There's not a lot of variation in the final ratings and that's to be expected since this is a dataset from the top 100 games of each category. 

## Highest Rated Category

We need a metric to calculate the highest rating of each category. Here we'll use the average rating from the category to check the highest.

In [12]:
games_with_rating['category'].unique()

array(['GAME ACTION', 'GAME ADVENTURE', 'GAME ARCADE', 'GAME BOARD',
       'GAME CARD', 'GAME CASINO', 'GAME CASUAL', 'GAME EDUCATIONAL',
       'GAME MUSIC', 'GAME PUZZLE', 'GAME RACING', 'GAME ROLE PLAYING',
       'GAME SIMULATION', 'GAME SPORTS', 'GAME STRATEGY', 'GAME TRIVIA',
       'GAME WORD'], dtype=object)

In [13]:
df1 = games_with_rating.groupby(['category'], as_index = False).mean()
df1[['category', 'final rating']].sort_values(by = 'final rating', ascending = False)

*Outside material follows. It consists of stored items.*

Lemma ex_RInt_gen_dominated : ex_RInt_gen f at_0 at_oo.
Proof.
  pose proof (exp_dominated_const_ge0 f M f_dom) as HM.
  assert (Hex : forall a b, ex_RInt f a b).
  { intros a b. apply (ex_RInt_continuous (V := R_CompleteNormedModule)). intros; apply f_cont. }
  assert (Huniq : filter_prod at_0 at_oo (fun ab : R * R =>
     (exists v, is_RInt f (fst ab) (snd ab) v) /\
     (forall v1 v2, is_RInt f (fst ab) (snd ab) v1 -> is_RInt f (fst ab) (snd ab) v2 -> v1 = v2))).
  { apply filter_forall. intros [a b]. split.
    - exists (RInt f a b). apply (RInt_correct (V := R_CompleteNormedModule)), Hex.
    - intros v1 v2 H1 H2. apply (is_RInt_unique (V := R_CompleteNormedModule)) in H1, H2.
      congruence. }
  apply (proj1 (filterlimi_locally_cauchy (U := R_CompleteSpace) _ Huniq)).
  intro eps. pose proof (cond_pos eps) as Heps.
  assert (Hcauchy : forall p q, 0 <= p <= q -> M / eps < p ->
            Rabs (RInt f 0 q - RInt f 0 p) < eps).
  { intros p q Hpq Hp.
    assert (E : RInt f 0 q = RInt f 0 p + RInt f p q)
      by (rewrite <- (RInt_Chasles (V := R_CompleteNormedModule) f 0 p q) by apply Hex;
          reflexivity).
    assert (Hsub : forall u v : R, u + v - u = v) by (intros; ring).
    rewrite E, Hsub.
    eapply Rle_lt_trans; [apply RInt_dominated_le; lra | apply mul_exp_opp_lt; lra]. }
  exists (fun ab => fst ab = 0 /\ Rmax 0 (M / eps) < snd ab). split.
  - apply Filter_prod with (fun x => x = 0) (fun y => Rmax 0 (M / eps) < y).
    + reflexivity.
    + exists (Rmax 0 (M / eps)). auto.
    + intros x y Hx Hy. simpl. auto.
  - intros [a1 b1] [a2 b2] [Ha1 Hb1] [Ha2 Hb2] v1 v2 Hv1 Hv2. simpl in *. subst a1 a2.
    pose proof (Rmax_l 0 (M / eps)). pose proof (Rmax_r 0 (M / eps)).
    apply (is_RInt_unique (V := R_CompleteNormedModule)) in Hv1, Hv2.
    change (Rabs (v2 - v1) < eps). subst v1 v2.
    destruct (Rle_dec b1 b2).
    + apply Hcauchy; lra.
    + rewrite Rabs_minus_sym. apply Hcauchy; lra.
Qed.

Lemma RInt_gen_dominated_le : Rabs (RInt_gen f at_0 at_oo) <= M.
Proof.
  assert (Hpos : filter_prod at_0 at_oo (fun ab => fst ab < snd ab /\ 0 <= fst ab)).
  { apply Filter_prod with (fun x => x = 0) (fun y => 0 < y).
    - reflexivity.
    - exists 0. auto.
    - intros x y -> Hy. simpl. lra. }
  change (norm (RInt_gen f at_0 at_oo) <= M).
  apply (@RInt_gen_norm R_CompleteNormedModule at_0 at_oo _ _ f (fun r => M * exp (- r))).
  - eapply filter_imp; [|exact Hpos]. intros [a b] [H1 H2]; simpl in *; lra.
  - eapply filter_imp; [|exact Hpos]. intros [a b] [H1 H2] t Ht; simpl in *. apply f_dom. lra.
  - apply (RInt_gen_correct (V := R_CompleteNormedModule)), ex_RInt_gen_dominated.
  - apply is_RInt_gen_exp_opp.
Qed.

End ExpDominated.

(** * Differentiation under the integral sign *)

Lemma mvt_abs_le (f df : R -> R) a b K : (forall t, is_derive f t (df t)) ->
  (forall t, Rmin a b <= t <= Rmax a b -> Rabs (df t) <= K) ->
  Rabs (f b - f a) <= K * Rabs (b - a).
Proof.
  intros Hd Hb.
  destruct (MVT_gen f a b df) as [c [Hc ->]].
  - intros; apply Hd.
  - intros x _. apply derivable_continuous_pt. exists (df x). apply is_derive_Reals, Hd.
  - rewrite Rabs_mult. apply Rmult_le_compat_r; [apply Rabs_pos | apply Hb, Hc].
Qed.

Lemma taylor2_abs_le (f f1 f2 : R -> R) s h K :
  (forall t, is_derive f t (f1 t)) -> (forall t, is_derive f1 t (f2 t)) ->
  (forall t, Rmin s (s + h) <= t <= Rmax s (s + h) -> Rabs (f2 t) <= K) ->
  Rabs (f (s + h) - f s - h * f1 s) <= K * h ^ 2.
Proof.
  intros H1 H2 HK.
  assert (Hseg : forall t u, Rmin s (s + h) <= t <= Rmax s (s + h) ->
            Rmin s t <= u <= Rmax s t -> Rmin s (s + h) <= u <= Rmax s (s + h)).
  { intros t u. unfold Rmin, Rmax. destruct (Rle_dec s (s + h)), (Rle_dec s t); lra. }
  assert (Hf1 : forall t, Rmin s (s + h) <= t <= Rmax s (s + h) ->
            Rabs (f1 t - f1 s) <= K * Rabs h).
  { intros t Ht.
    apply Rle_trans with (K * Rabs (t - s)).
    - apply mvt_abs_le with f2; [exact H2 | intros u Hu; apply HK, (Hseg t u Ht Hu)].
    - assert (HK0 : 0 <= K) by (eapply Rle_trans; [apply Rabs_pos | apply (HK t Ht)]).
      apply Rmult_le_compat_l; [exact HK0|].
      revert Ht. unfold Rmin, Rmax, Rabs.
      destruct (Rle_dec s (s + h)); repeat destruct Rcase_abs; lra. }
  set (phi := fun t => f t - t * f1 s).
  replace (f (s + h) - f s - h * f1 s) with (phi (s + h) - phi s) by (unfold phi; ring).
  replace (K * h ^ 2) with ((K * Rabs h) * Rabs (s + h - s))
    by (replace (s + h - s) with h by ring; rewrite <- (pow2_abs h); ring).
  apply mvt_abs_le with (fun t => f1 t - f1 s); [|exact Hf1].
  intro t. unfold phi.
  apply (is_derive_minus f (fun t => t * f1 s)); [apply H1 | auto_derive; [auto | ring]].
Qed.

Lemma is_derive_quadratic_remainder (F : R -> R) s L M :
  (forall h, Rabs h <= 1 -> Rabs (F (s + h) - F s - h * L) <= M * h ^ 2) ->
  is_derive F s L.
Proof.
  intros Hrem.
  assert (HM : 0 <= M).
  { specialize (Hrem 1 ltac:(rewrite Rabs_R1; lra)).
    pose proof (Rabs_pos (F (s + 1) - F s - 1 * L)). lra. }
  apply is_derive_Reals. intros eps Heps.
  assert (Hd : 0 < Rmin 1 (eps / (M + 1))) by (apply Rmin_pos; [lra | apply Rdiv_lt_0_compat; lra]).
  exists (mkposreal _ Hd). intros h Hh0 Hh. simpl in Hh.
  pose proof (Rmin_l 1 (eps / (M + 1))). pose proof (Rmin_r 1 (eps / (M + 1))).
  specialize (Hrem h ltac:(lra)).
  assert (Hh1 : 0 < Rabs h) by (apply Rabs_pos_lt; exact Hh0).
  replace ((F (s + h) - F s) / h - L) with ((F (s + h) - F s - h * L) / h) by (field; exact Hh0).
  unfold Rdiv. rewrite Rabs_mult, Rabs_inv.
  apply Rle_lt_trans with (M * Rabs h).
  - apply (Rmult_le_reg_r (Rabs h)); [exact Hh1|].
    rewrite Rmult_assoc, Rinv_l, Rmult_1_r by lra.
    rewrite <- (pow2_abs h) in Hrem. nra.
  - apply Rle_lt_trans with (M * (eps / (M + 1))); [apply Rmult_le_compat_l; lra|].
    unfold Rdiv. rewrite <- Rmult_assoc. apply (Rmult_lt_reg_r (M + 1)); [lra|].
    rewrite Rmult_assoc, Rinv_l by lra. nra.
Qed.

Unnamed: 0,category,final rating
16,GAME WORD,4.442993
5,GAME CASINO,4.437586
4,GAME CARD,4.421315
9,GAME PUZZLE,4.393757
3,GAME BOARD,4.347517
6,GAME CASUAL,4.335134
12,GAME SIMULATION,4.317544
10,GAME RACING,4.31211
2,GAME ARCADE,4.295247
11,GAME ROLE PLAYING,4.275691


From this, we see that the category __'GAME WORD'__ has the highest final rating of all the categories, but the values are indeed pretty close for all of them, seeing as this is a top games list.

## This is a work in progress. Adding some visualizations might be useful in the future.